In accordance with the Act this report has been divided into two sections: a Policy Report and an Annual Report on Remuneration. The Policy Report was put to a binding shareholder vote at the 2014 AGM and received more than 98% votes in favour with an 'Effective Date' of 7 May 2014 for the purposes of complying with the Act.  In practice, however, the Remuneration Committee (herein referred to as the Committee throughout this report) applied the policy detailed below from the start of 2014 and expects to apply it throughout the three year policy period that commenced from the Effective Date. For ease of reference, the Policy Report has been represented, albeit with some changes to references and with the removal of the performance scenario charts. A copy of the original report can be found on the Company website at plc.rightmove.co.uk. The Annual Report on Remuneration will be subject to an advisory vote at the 2016 AGM. The parts of the report which have been audited have been highlighted as required by the Act.

Remuneration Policy Report (the Policy Report)

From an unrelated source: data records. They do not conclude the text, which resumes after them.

(* T is a spanning tree of (V,E): a subgraph of E spanning V which is connected
   and acyclic (= minimally connected: removing any edge disconnects it). *)
Definition spanning_tree (E T : {set {set V}}) : bool :=
  [&& T \subset E, gconnected T & [forall e in T, ~~ gconnected (T :\ e)]].

(* f(G): total weight of a minimum spanning tree of (V, E, w).
   (The default value \sum_(e in E) w e is an upper bound of every spanning
   tree weight when weights are nonnegative, so it is never selected.) *)
Definition mst (E : {set {set V}}) (w : {set V} -> R) : R :=
  \big[rmin/(\sum_(e in E) w e)]_(T : {set {set V}} | spanning_tree E T)
     \sum_(e in T) w e.

Definition weights_in (B : R) (E : {set {set V}}) (w : {set V} -> R) : Prop :=
  forall e, e \in E -> 0 <= w e <= B.

Definition upd (w : {set V} -> R) (e : {set V}) (t : R) : {set V} -> R :=
  fun x => if x == e then t else w x.

Definition GS (B : R) : R :=
  sup [set d : R | exists (E : {set {set V}}) (w : {set V} -> R) (e : {set V}) (t : R),
        [/\ is_graph E, gconnected E & weights_in B E w] /\
        [/\ #|e| = 2%N, e \notin E, 0 <= t <= B & gconnected (e |: E)] /\
        d = `|mst E w - mst (e |: E) (upd w e t)|].

Definition RS (B : R) (E : {set {set V}}) (w : {set V} -> R) : R :=
  sup [set d : R | exists (e : {set V}) (t : R),
        [/\ #|e| = 2%N, e \notin E & 0 <= t <= B] /\
        d = `|mst E w - mst (e |: E) (upd w e t)|].

Definition crosses (S e : {set V}) : bool := #|e :&: S| == 1%N.

(* w_1(S): minimum weight of an edge of E crossing the cut (S, V \ S).
   (The default B is only used when no edge crosses, which cannot happen
   for a connected graph and a nontrivial cut.) *)
Definition w1 (B : R) (E : {set {set V}}) (w : {set V} -> R) (S : {set V}) : R :=
  \big[rmin/B]_(e in E | crosses S e) w e.

Definition cut_has_nonedge (E : {set {set V}}) (S : {set V}) : bool :=
  [exists u in S, exists v in ~: S, [set u; v]%SET \notin E].

Definition max_w1 (B : R) (E : {set {set V}}) (w : {set V} -> R) : R :=
  \big[rmax/0]_(S : {set V} | cut_has_nonedge E S) w1 B E w S.

End Graphs.

(* Adding an edge e = {u, v} of weight t never increases the MST weight. If a
   new MST T uses e, then T \ e splits into the component K of u and the rest;
   the cut (K, V \ K) is crossed by the non-edge e, and swapping e for any old
   edge across it gives a spanning tree of the old graph, so the drop is at most
   w_1(K). Conversely, for a cut S crossed by a non-edge {u, v}, adding {u, v}
   with weight 0 allows removing the edge where the u-v path of an old MST
   leaves S, so the drop is at least w_1(S). Hence RS = max_S w_1(S) <= B, and
   GS = B is attained on a star with all weights B, cut around one leaf. *)

From HB Require Import structures.
From mathcomp Require Import all_boot all_order all_algebra.
From mathcomp Require Import classical_sets reals.
From mathcomp Require Import fintype finset.
Import Order.TTheory GRing.Theory Num.Theory.
Local Open Scope ring_scope.
Set Implicit Arguments. Unset Strict Implicit. Unset Printing Implicit Defensive.

Section Connectivity.
Variable V : finType.
Implicit Types (E F T : {set {set V}}) (S f : {set V}) (p q u v x y z : V).

Lemma adj_sym E : symmetric (adj E).
Proof. by move=> x y; rewrite /adj eq_sym setUC. Qed.

Lemma connect_adj_sym E : connect_sym (adj E).
Proof. exact/sym_connect_sym/adj_sym. Qed.

Lemma adj_setU1 E x y : x != y -> adj ([set x; y] |: E) x y.
Proof. by move=> xy; rewrite /adj xy setU11. Qed.

Lemma connect_adjS E F x y :
  E \subset F -> connect (adj E) x y -> connect (adj F) x y.
Proof.
move=> sEF; apply: connect_sub => a b /andP[ab abE]; apply: connect1.
by rewrite /adj ab (subsetP sEF).
Qed.

Lemma gconnectedP E : reflect (forall x y, connect (adj E) x y) (gconnected E).
Proof.
apply: (iffP forallP) => [cE x y | cE x]; first exact: (forallP (cE x)).
exact/forallP/cE.
Qed.

Lemma gconnected_from E u : (forall x, connect (adj E) u x) -> gconnected E.
Proof.
move=> cE; apply/gconnectedP => x y.
by apply: connect_trans (cE y); rewrite connect_adj_sym.
Qed.

Lemma gconnectedS E F : E \subset F -> gconnected E -> gconnected F.
Proof.
by move=> sEF /gconnectedP cE; apply/gconnectedP => x y; apply: connect_adjS (cE x y).
Qed.

Lemma connect_setD_edge T y z x : connect (adj T) y x ->
  connect (adj (T :\ [set y; z])) y x || connect (adj (T :\ [set y; z])) z x.
Proof.
set Tf := T :\ [set y; z].
pose reach := [pred a | connect (adj Tf) y a || connect (adj Tf) z a].
have closed_reach : closed (adj T) reach.
  move=> p q /andP[pq pqT].
  have [pqf | pqf] := eqVneq [set p; q] [set y; z].
    have reach_yz a : a \in [set y; z] -> a \in reach.
      by case/set2P=> ->; rewrite inE /= connect0 ?orbT.
    by rewrite !reach_yz // -pqf (set21, set22).
  have pqTf : adj Tf p q by rewrite /adj pq !inE pqf.
  have cl := connect_closed (connect_adj_sym Tf).
  by move: (cl y _ _ pqTf) (cl z _ _ pqTf); rewrite !inE /= => -> ->.
by move/(closed_connect closed_reach); rewrite !inE /= connect0 => <-.
Qed.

This part of the Directors' Remuneration Report sets out the remuneration policy for the Company and has been prepared in accordance with the Act. The policy has been developed after taking into account Rightmove’s pay philosophy that our executives should be rewarded with demonstrably lower than market base salaries and benefits and higher than market equity rewards contingent upon the achievement of challenging performance targets in accordance with the 'best practice' principles set out in the Code and the views of our major shareholders.

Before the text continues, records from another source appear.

(* Let $(\hat A,\hat B)$ satisfy $\max\{\|\hat A-A_\star\|,\|\hat B-B_\star\|\}\le\varepsilon_\mathrm{m}$ and let $F\in\mathbb{S}^n_+$ satisfy $\|F-P_\star\|\le\varepsilon$. Assume $m\le n$, $R\succeq I$, $Q\succeq I$, $(A_\star,B_\star)$ stabilizable, $\|A_\star\|,\|B_\star\|,\|P_\star\|\le\Upsilon_\star$ with $\Upsilon_\star\ge\max\{1,\varepsilon_\mathrm{m}\}$, and $\Upsilon_\star\ge\varepsilon$. Then $K=\mathcal{K}_{\hat A,\hat B}(F)$ satisfies $$\|K-K_\star\|\le\frac{\Upsilon_\star^2(\sqrt{\|P_\star\|}+1)(3\varepsilon_\mathrm{m}+4\varepsilon)}{\underline{\sigma}(R)}.$$
   Context: $A_\star\in\mathbb{R}^{n\times n}$, $B_\star\in\mathbb{R}^{n\times m}$; weights $Q\in\mathbb{S}^n_+$, $R\in\mathbb{S}^m_{++}$; $\|\cdot\|$ spectral norm; $\underline{\sigma}$ smallest singular value. $S_B=BR^{-1}B^\top$; Riccati map $\mathcal{R}_{A,B}(P)=A^\top P(I+S_BP)^{-1}A+Q$. $\mathcal{K}_{A,B}(F)=(R+B^\top FB)^{-1}B^\top FA$. $P_\star$ is the unique positive definite solution of $P_\star=\mathcal{R}_{A_\star,B_\star}(P_\star)$, and $K_\star=\mathcal{K}_{A_\star,B_\star}(P_\star)$. *)

From HB Require Import structures.
From mathcomp Require Import all_boot all_order all_algebra.
From mathcomp Require Import all_classical all_reals.
From mathcomp Require Import complex.
Set Implicit Arguments. Unset Strict Implicit. Unset Printing Implicit Defensive.
Import Order.TTheory GRing.Theory Num.Theory.
Local Open Scope ring_scope.
Local Open Scope classical_set_scope.

Section LQR.
Variable R : realType.

Definition vnorm (q : nat) (x : 'cV[R]_q) : R := Num.sqrt (\sum_i (x i 0) ^+ 2).

Definition usphere (q : nat) : set 'cV[R]_q := [set x | vnorm x = 1].

Definition spnorm (p q : nat) (A : 'M[R]_(p, q)) : R :=
  sup [set vnorm (A *m x) | x in @usphere q].

Definition sigma_min (q : nat) (A : 'M[R]_q) : R :=
  inf [set vnorm (A *m x) | x in @usphere q].

Definition symmetric (q : nat) (A : 'M[R]_q) : Prop := A^T = A.

Definition psd (q : nat) (A : 'M[R]_q) : Prop :=
  symmetric A /\ forall x : 'cV[R]_q, 0 <= (x^T *m A *m x) 0 0.

Definition pd (q : nat) (A : 'M[R]_q) : Prop :=
  symmetric A /\ forall x : 'cV[R]_q, x != 0 -> 0 < (x^T *m A *m x) 0 0.

Definition loewner_ge (q : nat) (A B : 'M[R]_q) : Prop := psd (A - B).

Definition schur_stable (q : nat) (M : 'M[R]_q) : Prop :=
  forall z : R[i], root (map_poly (real_complex R) (char_poly M)) z -> `|z| < 1.

Definition stabilizable (n m : nat) (A : 'M[R]_n) (B : 'M[R]_(n, m)) : Prop :=
  exists K : 'M[R]_(m, n), schur_stable (A - B *m K).

Definition S_B (n m : nat) (B : 'M[R]_(n, m)) (Rw : 'M[R]_m) : 'M[R]_n :=
  B *m invmx Rw *m B^T.

Definition riccati (n m : nat) (Q : 'M[R]_n) (Rw : 'M[R]_m)
    (A : 'M[R]_n) (B : 'M[R]_(n, m)) (P : 'M[R]_n) : 'M[R]_n :=
  A^T *m P *m invmx (1%:M + S_B B Rw *m P) *m A + Q.

Definition gainK (n m : nat) (Rw : 'M[R]_m)
    (A : 'M[R]_n) (B : 'M[R]_(n, m)) (F : 'M[R]_n) : 'M[R]_(m, n) :=
  invmx (Rw + B^T *m F *m B) *m B^T *m F *m A.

The key principles of the Committee's policy are as follows:

  • Remuneration arrangements should be simple to explain, understand and administer.
  • Remuneration arrangements should be designed to provide executive directors with the opportunity to receive a share in the future growth and development of the Group which is regarded as fair by both other employees and shareholders.  This approach should allow the Company to attract and retain the dynamic, self-motivated individuals who are critical to the success of the business.
  • Executive directors should have below market levels of base salary, minimal benefits (and only benefits which are made available on the same basis to all Rightmove employees), but with above market levels of variable pay potential.  This arrangement is designed to best align the interests of the executive directors with the interests of shareholders and to reflect the performance driven culture of the Company. The Company will generally review market levels of remuneration for executive directors with the assistance of external, independent remuneration consultants and with shareholder consultation every three years.
  • Having reviewed executive director remuneration against the market every three years, further changes to remuneration should be made infrequently and those changes made each year should, in most instances, be directly linked to the policies applied to all employees (specifically with regard to cost of living rises in base salary and changes in benefits).
  • Executive directors should be principally rewarded for the overall success of the business for which they have collective responsibility. The Group has key short-term and medium/long-term goals and executive directors should be incentivised against these goals.
  • Executive directors should not be able to gain significantly from short-term successes which subsequently prove not to be consistent with growing the overall value of the business. Hence a majority of any bonus payable in relation to short-term strategic goals is required to be taken in the form of shares in the Company which are deferred for a further two years after the bonus target has been achieved.